__Stored data__.
(* For every $n$ such that $Y_n=k\in\{1,\dots,N-1\}$: (1) if $Y_{n+1}=k+1$ then $\begin{pmatrix}U_{n+1}\\ V_{n+1}\end{pmatrix}=\bar B_k^+\begin{pmatrix}U_n\\ V_n\end{pmatrix}$ with $\bar B_k^+=\begin{pmatrix}1-\frac{N-k}{2N(k+1)} & \frac{N-k}{2N(k+1)}\\ 0 & 1\end{pmatrix}$; (2) if $Y_{n+1}=k-1$ then $\begin{pmatrix}U_{n+1}\\ V_{n+1}\end{pmatrix}=\bar B_k^-\begin{pmatrix}U_n\\ V_n\end{pmatrix}$ with $\bar B_k^-=\begin{pmatrix}1 & 0\\ \frac{k}{2N(N-k+1)} & 1-\frac{k}{2N(N-k+1)}\end{pmatrix}$; (3) if $Y_{n+1}=k$ then $\begin{pmatrix}U_{n+1}\\ V_{n+1}\end{pmatrix}=\bar B_k^{(0)}\begin{pmatrix}U_n\\ V_n\end{pmatrix}$ with $$\bar B_k^{(0)}=\frac{k^2}{k^2+(1+s)(N-k)^2}\begin{pmatrix}1-\frac{N-k}{2kN} & \frac{N-k}{2kN}\\ 0 & 1\end{pmatrix}+\frac{(1+s)(N-k)^2}{k^2+(1+s)(N-k)^2}\begin{pmatrix}1 & 0\\ \frac{k}{2N(N-k)} & 1-\frac{k}{2N(N-k)}\end{pmatrix}.$$ In particular, if $T^Y_0<T^Y_N$ then $(U_{T^Y_0},V_{T^Y_0})^T=\begin{pmatrix}1&0\\ \frac{1}{2N^2}&\frac{2N^2-1}{2N^2}\end{pmatrix}(U_{T^Y_0-1},V_{T^Y_0-1})^T$, and if $T^Y_N<T^Y_0$ then $(U_{T^Y_N},V_{T^Y_N})^T=\begin{pmatrix}\frac{2N^2-1}{2N^2}&\frac{1}{2N^2}\\ 0&1\end{pmatrix}(U_{T^Y_N-1},V_{T^Y_N-1})^T$.
   Context: Biparental Moran model with selection at death. Fix an integer $N\ge 2$ and a real $s>0$; let $I=\{1,\dots,N\}$ be the set of sites, each occupied by one individual which is either advantaged or disadvantaged. Let $\mathcal{Y}_n\subseteq I$ be the set of sites of advantaged individuals at time $n\in\mathbb{Z}_+$ ($\mathcal{Y}_0$ is a given initial set) and $Y_n=|\mathcal{Y}_n|$. At each time step $n$, conditionally on the past: a ''mother'' site $\mu_n$ and a ''father'' site $\pi_n$ are drawn independently and uniformly from $I$, and independently a site $\kappa_n$ is drawn with $\mathbb{P}(\kappa_n=i)$ proportional to the death weight of $i$, which equals $1$ if $i\in\mathcal{Y}_n$ and $1+s$ if $i\notin\mathcal{Y}_n$. The individual at $\kappa_n$ dies and is replaced by an offspring of $\mu_n$ and $\pi_n$, whose type is that of the mother: $\mathcal{Y}_{n+1}=\mathcal{Y}_n\cup\{\kappa_n\}$ if $\mu_n\in\mathcal{Y}_n$ and $\mathcal{Y}_{n+1}=\mathcal{Y}_n\setminus\{\kappa_n\}$ if $\mu_n\notin\mathcal{Y}_n$; all other individuals are unchanged. Pedigree and ancestral weights: $\mathcal{G}_N$ denotes the random oriented graph on $I\times\mathbb{Z}_+$ with, for each $n$, arrows from $(\kappa_n,n+1)$ to $(\mu_n,n)$ and to $(\pi_n,n)$, and from $(i,n+1)$ to $(i,n)$ for every $i\neq\kappa_n$. For $n\ge0$, the genealogy of a neutral gene sampled at time $n$ is the process $(X^{(n)}_k)_{0\le k\le n}$ which, conditionally on $\mathcal{G}_N$, is a Markov chain with: if $X^{(n)}_k=x\neq\kappa_{n-k-1}$ then $X^{(n)}_{k+1}=x$, and if $X^{(n)}_k=\kappa_{n-k-1}$ then $X^{(n)}_{k+1}$ equals $\mu_{n-k-1}$ or $\pi_{n-k-1}$ with probability $1/2$ each. Set $A_n(i,j)=\mathbb{P}(X^{(n)}_n=j\mid X^{(n)}_0=i,\mathcal{G}_N)$ and $$\Xi^A_n=\frac{1}{Y_n}\sum_{l\in\mathcal{Y}_n}\sum_{l'\in\mathcal{Y}_0}A_n(l,l'),\qquad \Xi^B_n=\frac{1}{N-Y_n}\sum_{l\notin\mathcal{Y}_n}\sum_{l'\in\mathcal{Y}_0}A_n(l,l')$$ (when the denominators are nonzero). Let $\mathcal{F}^Y_n=\sigma(Y_0,\dots,Y_n)$, $U_n=\mathbb{E}(\Xi^A_n\mid\mathcal{F}^Y_n)$, $V_n=\mathbb{E}(\Xi^B_n\mid\mathcal{F}^Y_n)$ (so $U_0=1$, $V_0=0$). For $y\in\{0,\dots,N\}$, $T^Y_y=\inf\{n:Y_n=y\}$ (with $\inf\emptyset=\infty$). *)

From HB Require Import structures.
From mathcomp Require Import all_boot all_order all_algebra.
Set Implicit Arguments. Unset Strict Implicit. Unset Printing Implicit Defensive.
Import Order.TTheory GRing.Theory Num.Theory.
Local Open Scope ring_scope.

__WHAT THE TASK ASKS__.
The answer must be the data above, repeated exactly as it stands.

__ANSWER TO THIS EXERCISE__.
(* For every $n$ such that $Y_n=k\in\{1,\dots,N-1\}$: (1) if $Y_{n+1}=k+1$ then $\begin{pmatrix}U_{n+1}\\ V_{n+1}\end{pmatrix}=\bar B_k^+\begin{pmatrix}U_n\\ V_n\end{pmatrix}$ with $\bar B_k^+=\begin{pmatrix}1-\frac{N-k}{2N(k+1)} & \frac{N-k}{2N(k+1)}\\ 0 & 1\end{pmatrix}$; (2) if $Y_{n+1}=k-1$ then $\begin{pmatrix}U_{n+1}\\ V_{n+1}\end{pmatrix}=\bar B_k^-\begin{pmatrix}U_n\\ V_n\end{pmatrix}$ with $\bar B_k^-=\begin{pmatrix}1 & 0\\ \frac{k}{2N(N-k+1)} & 1-\frac{k}{2N(N-k+1)}\end{pmatrix}$; (3) if $Y_{n+1}=k$ then $\begin{pmatrix}U_{n+1}\\ V_{n+1}\end{pmatrix}=\bar B_k^{(0)}\begin{pmatrix}U_n\\ V_n\end{pmatrix}$ with $$\bar B_k^{(0)}=\frac{k^2}{k^2+(1+s)(N-k)^2}\begin{pmatrix}1-\frac{N-k}{2kN} & \frac{N-k}{2kN}\\ 0 & 1\end{pmatrix}+\frac{(1+s)(N-k)^2}{k^2+(1+s)(N-k)^2}\begin{pmatrix}1 & 0\\ \frac{k}{2N(N-k)} & 1-\frac{k}{2N(N-k)}\end{pmatrix}.$$ In particular, if $T^Y_0<T^Y_N$ then $(U_{T^Y_0},V_{T^Y_0})^T=\begin{pmatrix}1&0\\ \frac{1}{2N^2}&\frac{2N^2-1}{2N^2}\end{pmatrix}(U_{T^Y_0-1},V_{T^Y_0-1})^T$, and if $T^Y_N<T^Y_0$ then $(U_{T^Y_N},V_{T^Y_N})^T=\begin{pmatrix}\frac{2N^2-1}{2N^2}&\frac{1}{2N^2}\\ 0&1\end{pmatrix}(U_{T^Y_N-1},V_{T^Y_N-1})^T$.
   Context: Biparental Moran model with selection at death. Fix an integer $N\ge 2$ and a real $s>0$; let $I=\{1,\dots,N\}$ be the set of sites, each occupied by one individual which is either advantaged or disadvantaged. Let $\mathcal{Y}_n\subseteq I$ be the set of sites of advantaged individuals at time $n\in\mathbb{Z}_+$ ($\mathcal{Y}_0$ is a given initial set) and $Y_n=|\mathcal{Y}_n|$. At each time step $n$, conditionally on the past: a ''mother'' site $\mu_n$ and a ''father'' site $\pi_n$ are drawn independently and uniformly from $I$, and independently a site $\kappa_n$ is drawn with $\mathbb{P}(\kappa_n=i)$ proportional to the death weight of $i$, which equals $1$ if $i\in\mathcal{Y}_n$ and $1+s$ if $i\notin\mathcal{Y}_n$. The individual at $\kappa_n$ dies and is replaced by an offspring of $\mu_n$ and $\pi_n$, whose type is that of the mother: $\mathcal{Y}_{n+1}=\mathcal{Y}_n\cup\{\kappa_n\}$ if $\mu_n\in\mathcal{Y}_n$ and $\mathcal{Y}_{n+1}=\mathcal{Y}_n\setminus\{\kappa_n\}$ if $\mu_n\notin\mathcal{Y}_n$; all other individuals are unchanged. Pedigree and ancestral weights: $\mathcal{G}_N$ denotes the random oriented graph on $I\times\mathbb{Z}_+$ with, for each $n$, arrows from $(\kappa_n,n+1)$ to $(\mu_n,n)$ and to $(\pi_n,n)$, and from $(i,n+1)$ to $(i,n)$ for every $i\neq\kappa_n$. For $n\ge0$, the genealogy of a neutral gene sampled at time $n$ is the process $(X^{(n)}_k)_{0\le k\le n}$ which, conditionally on $\mathcal{G}_N$, is a Markov chain with: if $X^{(n)}_k=x\neq\kappa_{n-k-1}$ then $X^{(n)}_{k+1}=x$, and if $X^{(n)}_k=\kappa_{n-k-1}$ then $X^{(n)}_{k+1}$ equals $\mu_{n-k-1}$ or $\pi_{n-k-1}$ with probability $1/2$ each. Set $A_n(i,j)=\mathbb{P}(X^{(n)}_n=j\mid X^{(n)}_0=i,\mathcal{G}_N)$ and $$\Xi^A_n=\frac{1}{Y_n}\sum_{l\in\mathcal{Y}_n}\sum_{l'\in\mathcal{Y}_0}A_n(l,l'),\qquad \Xi^B_n=\frac{1}{N-Y_n}\sum_{l\notin\mathcal{Y}_n}\sum_{l'\in\mathcal{Y}_0}A_n(l,l')$$ (when the denominators are nonzero). Let $\mathcal{F}^Y_n=\sigma(Y_0,\dots,Y_n)$, $U_n=\mathbb{E}(\Xi^A_n\mid\mathcal{F}^Y_n)$, $V_n=\mathbb{E}(\Xi^B_n\mid\mathcal{F}^Y_n)$ (so $U_0=1$, $V_0=0$). For $y\in\{0,\dots,N\}$, $T^Y_y=\inf\{n:Y_n=y\}$ (with $\inf\emptyset=\infty$). *)

From HB Require Import structures.
From mathcomp Require Import all_boot all_order all_algebra.
Set Implicit Arguments. Unset Strict Implicit. Unset Printing Implicit Defensive.
Import Order.TTheory GRing.Theory Num.Theory.
Local Open Scope ring_scope.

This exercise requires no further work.